Conclusion: Palpitations, smoking, family history, higher LDL levels, and total cholesterol levels were more prevalent in adults younger than 45 years old with ACS. Impaired renal function, hypertension, and diabetes were more in older patients with ACS.

Keywords: acute coronary syndrome, young adults, clinical features, in-hospital outcome

Introduction

Cardiovascular disease, which includes coronary heart disease and stroke, is the leading cause of death and disease burden globally.1 Acute coronary syndrome (ACS) is characterized by acute local reduction in blood flow to the myocardium, also known as ischemia.2 Ischemic heart disease may present with a variety of symptoms, eg, a symptom complex called acute coronary syndrome (ACS), which may lead to a diagnosis of one of unstable angina (UA), non-ST-segment elevation myocardial infarction (NSTEMI), or ST-segment elevation myocardial infarction (STEMI).
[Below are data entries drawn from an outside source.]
(* Let $\mathcal{X},\mathcal{Y},\mathcal{Z}$ be finite alphabets and $(X,Y,Z)\sim P_X(x)P_{Y|X}(y|x)P_{Z|X}(z|x)$. Define $\mathcal{A}_1$ as the set of all tuples $(R_I,R_S,R_J,R_L)$ such that, for some random variable $U$ on a finite alphabet $\mathcal{U}$ with $|\mathcal{U}|\le|\mathcal{Y}|+2$ forming a Markov chain $Z-X-Y-U$, $R_I+R_S\le I(Z;U)$, $R_J\ge I(Y;U)-I(Z;U)+R_I$, $R_L\ge I(X;U)-I(Z;U)+R_I$, $R_I\ge0$, $R_S\ge0$. Define $\mathcal{A}_2$ as the set of all tuples $(R_I,R_S,R_J,R_L)$ such that, for some random variables $U,V$ on finite alphabets $\mathcal{U},\mathcal{V}$ with $|\mathcal{U}|\le(|\mathcal{Y}|+2)(|\mathcal{Y}|+3)$ and $|\mathcal{V}|\le|\mathcal{Y}|+3$ forming a Markov chain $Z-X-Y-U-V$, $0\le R_I\le I(Z;V)$, $0\le R_S\le I(Z;U)-I(Z;V)$, $R_J\ge I(Y;U)-I(Z;U)+I(Z;V)$, $R_L\ge I(X;U)-I(Z;U)+I(Z;V)$. Then $\mathcal{A}_1=\mathcal{A}_2$.
   Context: $P_X$ is a distribution on the finite set $\mathcal{X}$ and $P_{Y|X}$, $P_{Z|X}$ are channels from $\mathcal{X}$ to finite sets $\mathcal{Y}$, $\mathcal{Z}$. $I$ denotes mutual information (base-2 logarithms). *)

From HB Require Import structures.
From mathcomp Require Import all_boot all_order all_algebra.
From mathcomp Require Import reals exp.
Set Implicit Arguments. Unset Strict Implicit. Unset Printing Implicit Defensive.
Import Order.TTheory GRing.Theory Num.Theory.
Local Open Scope ring_scope.

Section InfoDefs.
Variable R : realType.

Definition log2 (x : R) : R := ln x / ln 2.

Definition is_pmf (T : finType) (p : T -> R) : Prop :=
  (forall t, 0 <= p t) /\ \sum_(t : T) p t = 1.

Definition is_channel (A B : finType) (W : A -> B -> R) : Prop :=
  forall a, is_pmf (W a).

(* Mutual information I(f;g) (base 2) of the random variables f, g defined on
   a finite sample space T with pmf p; convention 0 log 0 = 0. *)
Definition minfo (T A B : finType) (p : T -> R) (f : T -> A) (g : T -> B) : R :=
  \sum_(a : A) \sum_(b : B)
    let pab := \sum_(t | (f t == a) && (g t == b)) p t in
    let pa := \sum_(t | f t == a) p t in
    let pb := \sum_(t | g t == b) p t in
    if pab == 0 then 0 else pab * log2 (pab / (pa * pb)).

(* Joint law of (X,Y,Z,U) with Z - X - Y - U:
   P_X(x) P_{Y|X}(y|x) P_{Z|X}(z|x) Q(u|y).  Sample point ((x,y,z),u). *)
Definition joint4 (X Y Z U : finType) (PX : X -> R) (PYX : X -> Y -> R)
  (PZX : X -> Z -> R) (Q : Y -> U -> R) : (X * Y * Z * U)%type -> R :=
  fun t => let: (x, y, z, u) := t in PX x * PYX x y * PZX x z * Q y u.

Definition joint5 (X Y Z U V : finType) (PX : X -> R) (PYX : X -> Y -> R)
  (PZX : X -> Z -> R) (Q : Y -> U -> R) (S : U -> V -> R)
  : (X * Y * Z * U * V)%type -> R :=
  fun t => let: (x, y, z, u, v) := t in
    PX x * PYX x y * PZX x z * Q y u * S u v.

Definition A1 (X Y Z : finType) (PX : X -> R) (PYX : X -> Y -> R)
  (PZX : X -> Z -> R) (RI RS RJ RL : R) : Prop :=
  exists (nU : nat) (Q : Y -> 'I_nU -> R),
    (nU <= #|Y| + 2)%N /\ is_channel Q /\
    let p := joint4 PX PYX PZX Q in
    let IZU := minfo p (fun t => t.1.2) (fun t => t.2) in
    let IYU := minfo p (fun t => t.1.1.2) (fun t => t.2) in
    let IXU := minfo p (fun t => t.1.1.1) (fun t => t.2) in
    [/\ RI + RS <= IZU, RJ >= IYU - IZU + RI, RL >= IXU - IZU + RI,
        RI >= 0 & RS >= 0].

Definition A2 (X Y Z : finType) (PX : X -> R) (PYX : X -> Y -> R)
  (PZX : X -> Z -> R) (RI RS RJ RL : R) : Prop :=
  exists (nU nV : nat) (Q : Y -> 'I_nU -> R) (S : 'I_nU -> 'I_nV -> R),
    (nU <= (#|Y| + 2) * (#|Y| + 3))%N /\ (nV <= #|Y| + 3)%N /\
    is_channel Q /\ is_channel S /\
    let p := joint5 PX PYX PZX Q S in
    let IZV := minfo p (fun t => t.1.1.2) (fun t => t.2) in
    let IZU := minfo p (fun t => t.1.1.2) (fun t => t.1.2) in
    let IYU := minfo p (fun t => t.1.1.1.2) (fun t => t.1.2) in
    let IXU := minfo p (fun t => t.1.1.1.1) (fun t => t.1.2) in
    [/\ 0 <= RI <= IZV, 0 <= RS <= IZU - IZV,
        RJ >= IYU - IZU + IZV & RL >= IXU - IZU + IZV].

End InfoDefs.

Set Warnings "-notation-overridden,-ambiguous-paths".
From HB Require Import structures.
From mathcomp Require Import all_boot all_order all_algebra.
From mathcomp Require Import reals exp ring lra.
Import Order.TTheory GRing.Theory Num.Theory.
Local Open Scope ring_scope.
Set Implicit Arguments. Unset Strict Implicit. Unset Printing Implicit Defensive.

(* A1 in A2: pass U through an erasure channel that keeps it with probability
   lam = R_I / I(Z;U) and otherwise outputs a fresh symbol; then
   I(Z;V) = lam I(Z;U) = R_I, and the constraints of A2 are those of A1.
   A2 in A1: since R_I <= I(Z;V), the constraints of A1 hold for the same U,
   so only the alphabet of U must be shrunk.  Each mutual information I(.;U)
   is a sum of per-output contributions, each homogeneous in its column, so
   reweighting the outputs of Q(u|y) by b(u) >= 0 acts linearly on
   I(X;U), I(Y;U), I(Z;U) and keeps Q a channel iff sum_u Q(u|y) b(u) = 1
   for all y.  A Caratheodory argument for this linear program, with the
   |Y| + 2 equality constraints fixing also I(Z;U) and I(X;U) and with
   I(Y;U) as objective, gives a weighting supported on |Y| + 2 outputs. *)

Section Caratheodory.
Variables (R : realType) (U K : finType) (L : K -> U -> R).

Definition supp (a : U -> R) : {set U} := [set u | a u != 0].

Lemma kernel_vector_on (S : {set U}) : (#|K| < #|S|)%N ->
  exists d : U -> R, [/\ forall k, \sum_u L k u * d u = 0,
    forall u, u \notin S -> d u = 0 & exists u, d u != 0].
Proof.
move=> ltKS; have [u0 u0S] : exists u0, u0 \in S.
  by apply/set0Pn; rewrite -card_gt0 (leq_ltn_trans _ ltKS).
pose M : 'M[R]_(#|S|, #|K|) := \matrix_(i, k) L (enum_val k) (enum_val i).
have : kermx M != 0.
  rewrite -mxrank_eq0 mxrank_ker subn_eq0 -ltnNge.
  exact: leq_ltn_trans (rank_leq_col M) ltKS.
case/rowV0Pn => v /sub_kermxP vM0 /rV0Pn [i0 vi0].
pose d u := if u \in S then v 0 (enum_rank_in u0S u) else 0.
exists d; split.
- move=> k; have := congr1 (fun A : 'rV_#|K| => A 0 (enum_rank k)) vM0.
  rewrite !mxE => vMk0; rewrite -[RHS]vMk0.
  have -> : \sum_u L k u * d u = \sum_(u in S) L k u * v 0 (enum_rank_in u0S u).
    rewrite [RHS]big_mkcond; apply: eq_bigr => u _.
    by rewrite /d; case: ifP; rewrite ?mulr0.
  rewrite big_enum_val /=; apply: eq_bigr => i _.
  by rewrite mxE enum_rankK enum_valK_in mulrC.
- by move=> u /negbTE uS; rewrite /d uS.
- by exists (enum_val i0); rewrite /d enum_valP enum_valK_in.
Qed.

Lemma exists_neg_of_orthogonal (w e : U -> R) :
  (forall u, e u != 0 -> 0 < w u) -> \sum_u w u * e u = 0 ->
  (exists u, e u != 0) -> exists u, e u < 0.
Proof.
move=> we we0 [u0 eu0]; have [u eu|/= nneg] := pickP (fun u => e u < 0).
  by exists u.
have ge0 u : 0 <= w u * e u.
  have [->|eu] := eqVneq (e u) 0; first by rewrite mulr0.
  by rewrite mulr_ge0 ?(ltW (we _ eu)) // leNgt nneg.
have := @psumr_eq0P _ _ predT _ (fun u _ => ge0 u) we0 u0 isT.
by move/eqP; rewrite mulf_eq0 (negbTE eu0) orbF gt_eqF ?we.
Qed.

Variables (g w : U -> R).
(* Kernel directions of [L] are then orthogonal to [w], which is positive on
   the support: they have a negative entry, so the line search is bounded. *)
Hypothesis w_in_row_span :
  forall d, (forall k, \sum_u L k u * d u = 0) -> \sum_u w u * d u = 0.

Definition improves (a a' : U -> R) := [/\ forall u, 0 <= a' u,
  forall u, a u = 0 -> a' u = 0,
  forall k, \sum_u L k u * a' u = \sum_u L k u * a u &
  \sum_u g u * a' u <= \sum_u g u * a u].

Lemma improves_refl (a : U -> R) : (forall u, 0 <= a u) -> improves a a.
Proof. by split. Qed.

Lemma improves_trans a a' a'' :
  improves a a' -> improves a' a'' -> improves a a''.
Proof.
case=> _ supp' L' g' [ge0'' supp'' L'' g'']; split=> //.
- by move=> u /supp' /supp''.
- by move=> k; rewrite L'' L'.
- exact: le_trans g'' g'.
Qed.

Lemma descent_direction (a : U -> R) : (forall u, a u != 0 -> 0 < w u) ->
  (#|K| < #|supp a|)%N ->
  exists e : U -> R, [/\ forall k, \sum_u L k u * e u = 0,
    forall u, a u = 0 -> e u = 0, \sum_u g u * e u <= 0 & exists u, e u < 0].
Proof.
move=> aw /kernel_vector_on [d []].
wlog dg : d / \sum_u g u * d u <= 0 => [hwlog dL dS dnz|dL dS dnz].
  have [dg|gd] := lerP (\sum_u g u * d u) 0; first exact: hwlog dg dL dS dnz.
  apply: (hwlog (fun u => - d u)).
  - by under eq_bigr do rewrite mulrN; rewrite sumrN oppr_le0 ltW.
  - by move=> k; under eq_bigr do rewrite mulrN; rewrite sumrN dL oppr0.
  - by move=> v /dS ->; rewrite oppr0.
  - by case: dnz => u du; exists u; rewrite oppr_eq0.
have da u : a u = 0 -> d u = 0 by move=> au; rewrite dS // inE au eqxx.
exists d; split=> //; apply: exists_neg_of_orthogonal (w_in_row_span dL) dnz.
by move=> u du; apply: aw; apply: contra du => /eqP /da ->.
Qed.

Lemma caratheodory_step (a : U -> R) : (forall u, 0 <= a u) ->
  (forall u, a u != 0 -> 0 < w u) -> (#|K| < #|supp a|)%N ->
  exists a', improves a a' /\ (#|supp a'| < #|supp a|)%N.
Proof.
move=> a0 aw /(descent_direction aw) [e [eL ea eg [u1 eu1]]].
have [um eum um_min] :=
  @arg_minP _ _ _ u1 (fun u => e u < 0) (fun u => a u / - e u) eu1.
set t := a um / - e um in um_min.
have t0 : 0 <= t by rewrite divr_ge0 // oppr_ge0 ltW.
have a'um : a um + t * e um = 0.
  by rewrite /t invrN mulrN mulNr divfK ?subrr ?lt_eqF.
have um_supp : um \in supp a.
  by rewrite inE; apply: contraTneq eum => /ea ->; rewrite ltxx.
have lin (c : U -> R) : \sum_u c u * (a u + t * e u) =
    \sum_u c u * a u + t * \sum_u c u * e u.
  by rewrite mulr_sumr -big_split; apply: eq_bigr => u _; rewrite mulrDr mulrCA.
exists (fun u => a u + t * e u); split; first split.
- move=> u; have [eu|eu] := ltP (e u) 0; last first.
    by apply: addr_ge0; [exact: a0 | exact: mulr_ge0].
  by have := um_min u eu; rewrite ler_pdivlMr ?oppr_gt0 // -/t; nra.
- by move=> u au; rewrite au (ea _ au) mulr0 addr0.
- by move=> k; rewrite lin eL mulr0 addr0.
- by rewrite lin gerDl mulr_ge0_le0.
rewrite [X in (_ < X)%N](cardsD1 um) um_supp add1n ltnS.
apply/subset_leq_card/subsetP => u; rewrite !inE => nz; apply/andP; split.
  by apply: contraNneq nz => ->; rewrite a'um.
by apply: contraNneq nz => au; rewrite au (ea _ au) mulr0 addr0.
Qed.

Lemma caratheodory (a : U -> R) : (forall u, 0 <= a u) ->
  (forall u, a u != 0 -> 0 < w u) ->
  exists a', improves a a' /\ (#|supp a'| <= #|K|)%N.
Proof.
have [n] := ubnP #|supp a|; elim: n a => // n IHn a lt_an a0 aw.
have [le_aK|lt_Ka] := leqP #|supp a| #|K|.
  by exists a; split; [apply: improves_refl|].
have [a' [imp' lt_a'a]] := caratheodory_step a0 aw lt_Ka.
have [a'0 a'a _ _] := imp'.
have a'w u : a' u != 0 -> 0 < w u.
  by move=> nz; apply: aw; apply: contra nz => /eqP /a'a ->.
have [a'' [imp'' le_a''K]] := IHn a' (leq_trans lt_a'a lt_an) a'0 a'w.
by exists a''; split=> //; apply: improves_trans imp' imp''.
Qed.

End Caratheodory.

Section MatrixInformation.
Variable R : realType.
Implicit Types (A B : finType).

Definition mi_term (x r s : R) := if x == 0 then 0 else x * log2 (x / (r * s)).

Definition minfo_col A B (J : A -> B -> R) (b : B) :=
  \sum_a mi_term (J a b) (\sum_b' J a b') (\sum_a' J a' b).

Definition minfo_mx A B (J : A -> B -> R) := \sum_b minfo_col J b.

Lemma minfoE (T A B : finType) (p : T -> R) (f : T -> A) (g : T -> B) :
  minfo p f g = minfo_mx (fun a b => \sum_(t | (f t == a) && (g t == b)) p t).
Proof.
rewrite /minfo /minfo_mx /minfo_col exchange_big; apply: eq_bigr => b _.
apply: eq_bigr => a _ /=.
have rowE : \sum_(t | f t == a) p t =
    \sum_b' \sum_(t | (f t == a) && (g t == b')) p t.
  exact: partition_big.
have colE : \sum_(t | g t == b) p t =
    \sum_a' \sum_(t | (f t == a') && (g t == b)) p t.
  rewrite (partition_big f predT) //; apply: eq_bigr => a' _.
  by apply: eq_bigl => t; rewrite andbC.
by rewrite rowE colE.
Qed.

Lemma eq_minfo_mx A B (J J' : A -> B -> R) : J =2 J' -> minfo_mx J = minfo_mx J'.
Proof.
move=> eqJ; apply: eq_bigr => b _; apply: eq_bigr => a _.
rewrite eqJ (eq_bigr _ (fun b' _ => eqJ a b')).
by rewrite (eq_bigr _ (fun a' _ => eqJ a' b)).
Qed.

Lemma mi_term_scale (beta x r s : R) :
  mi_term (beta * x) r (beta * s) = beta * mi_term x r s.
Proof.
rewrite /mi_term; have [->|beta0] := eqVneq beta 0; first by rewrite !mul0r eqxx.
rewrite mulf_eq0 (negbTE beta0) /=; case: eqP => _; first by rewrite mulr0.
have -> : beta * x / (r * (beta * s)) = x / (r * s).
  by rewrite mulrCA invfM mulrACA mulfV // mul1r.
by rewrite mulrA.
Qed.

Lemma minfo_col_scale A B B' (J : A -> B -> R) (J' : A -> B' -> R) b b' beta :
  (forall a, \sum_c J' a c = \sum_c J a c) ->
  (forall a, J' a b' = beta * J a b) ->
  minfo_col J' b' = beta * minfo_col J b.
Proof.
move=> rowJ' colJ'; rewrite /minfo_col mulr_sumr; apply: eq_bigr => a _.
rewrite rowJ' colJ' (eq_bigr _ (fun a' _ => colJ' a')).
by rewrite -mulr_sumr mi_term_scale.
Qed.

Lemma minfo_col0 A B (J : A -> B -> R) b :
  (forall a, J a b = 0) -> minfo_col J b = 0.
Proof. by move=> Jb0; apply: big1 => a _; rewrite /mi_term Jb0 eqxx. Qed.

Lemma minfo_col_indep A B (J : A -> B -> R) b gamma :
  \sum_a \sum_c J a c = 1 -> (forall a, J a b = gamma * \sum_c J a c) ->
  minfo_col J b = 0.
Proof.
move=> J1 colJ; apply: big1 => a _.
rewrite (eq_bigr _ (fun a' _ => colJ a')) -mulr_sumr J1 mulr1 colJ /mi_term.
have [//|] := eqVneq; rewrite mulf_eq0 negb_or => /andP [gamma0 row0].
by rewrite [_ * gamma]mulrC divff ?mulf_neq0 // /log2 ln1 mul0r mulr0.
Qed.

Definition erasure n (lam : R) (u : 'I_n) (v : 'I_n.+1) : R :=
  if v == ord_max then 1 - lam
  else if v == widen_ord (leqnSn n) u then lam else 0.

Lemma erasure_widen n lam (u i : 'I_n) :
  erasure lam u (widen_ord (leqnSn n) i) = if u == i then lam else 0.
Proof.
by rewrite /erasure -!val_eqE /= ltn_eqF // eq_sym.
Qed.

Lemma erasure_sum n lam (u : 'I_n) : \sum_v erasure lam u v = 1.
Proof.
rewrite big_ord_recr /= (eq_bigr _ (fun i _ => erasure_widen lam u i)).
rewrite -big_mkcond (big_pred1 u) => [|i]; last exact: eq_sym.
by rewrite /erasure eqxx addrC subrK.
Qed.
The former is a clinical diagnosis, whereas the latter two are diagnosed from the abnormalities seen on the EKG, possibly complemented by serum enzyme assays, eg, of troponin C.3

Atherosclerosis is a chronic inflammatory process of the arterial wall, and although it starts early in life, it takes years to be of serious pathological severity, so that young people do not present with ACS very often.4,5 However, in recent years, coronary artery disease (CAD) has been affecting younger patients, which raises concern due to the accompanying results of premature morbidity and mortality.5 Patients less than 45 years of age represent 6–10% of cardiac infarctions in the United States.5–7 Smoking was found to be the prevailing risk factor and was frequently found along with coronary events in young patients.8,9 ACS presents with similar clinical features irrespective of age 9 The main presenting symptom is chest pain in both the young as well as in the elderly.10 It is also important to note that the severity and presentation of the diseases caused by atherosclerosis seem to differ between men and women in their different stages of life.11 For example, men are more likely to develop advanced coronary artery disease (CAD) compared to pre-menopausal women.12 However, post-menopausal women are more affected by an adverse prognosis than their male counterparts.12

Publications on ACS from Saudi Arabia are limited and there is a definite paucity of new information about the increasing prevalence among young patients less than 45 years of age.13 We hypothesized that the clinical severity and outcomes of ACS patients are different for young people compared to older patients, owing to their different lifestyles and cultural differences. The aim of this present study was to explore the demographic characteristics, cardiovascular risk factors, short-term outcomes and complications in young adults below the age of 45 years compared to older adults who were admitted with a diagnosis of ACS at the King Fahd University Hospital between 2015 and 2020, in order to update the expertise on this major health problem. This study complements the scarce existing data on the acute coronary syndrome in youth and adults and is considered helpful for resource planning and short-term management optimization.

Materials and Methods

Setting

The study was conducted at King Fahad Hospital of the University (KFHU), a tertiary care university teaching hospital with 600 beds in the Eastern Province of Saudi Arabia. It is a retrospective study that was conducted using medical records of all ACS patients admitted between 2015 and 2020. Demographic data, presenting symptoms, risk factors, and clinical outcomes were obtained. The local institutional research body approved this study.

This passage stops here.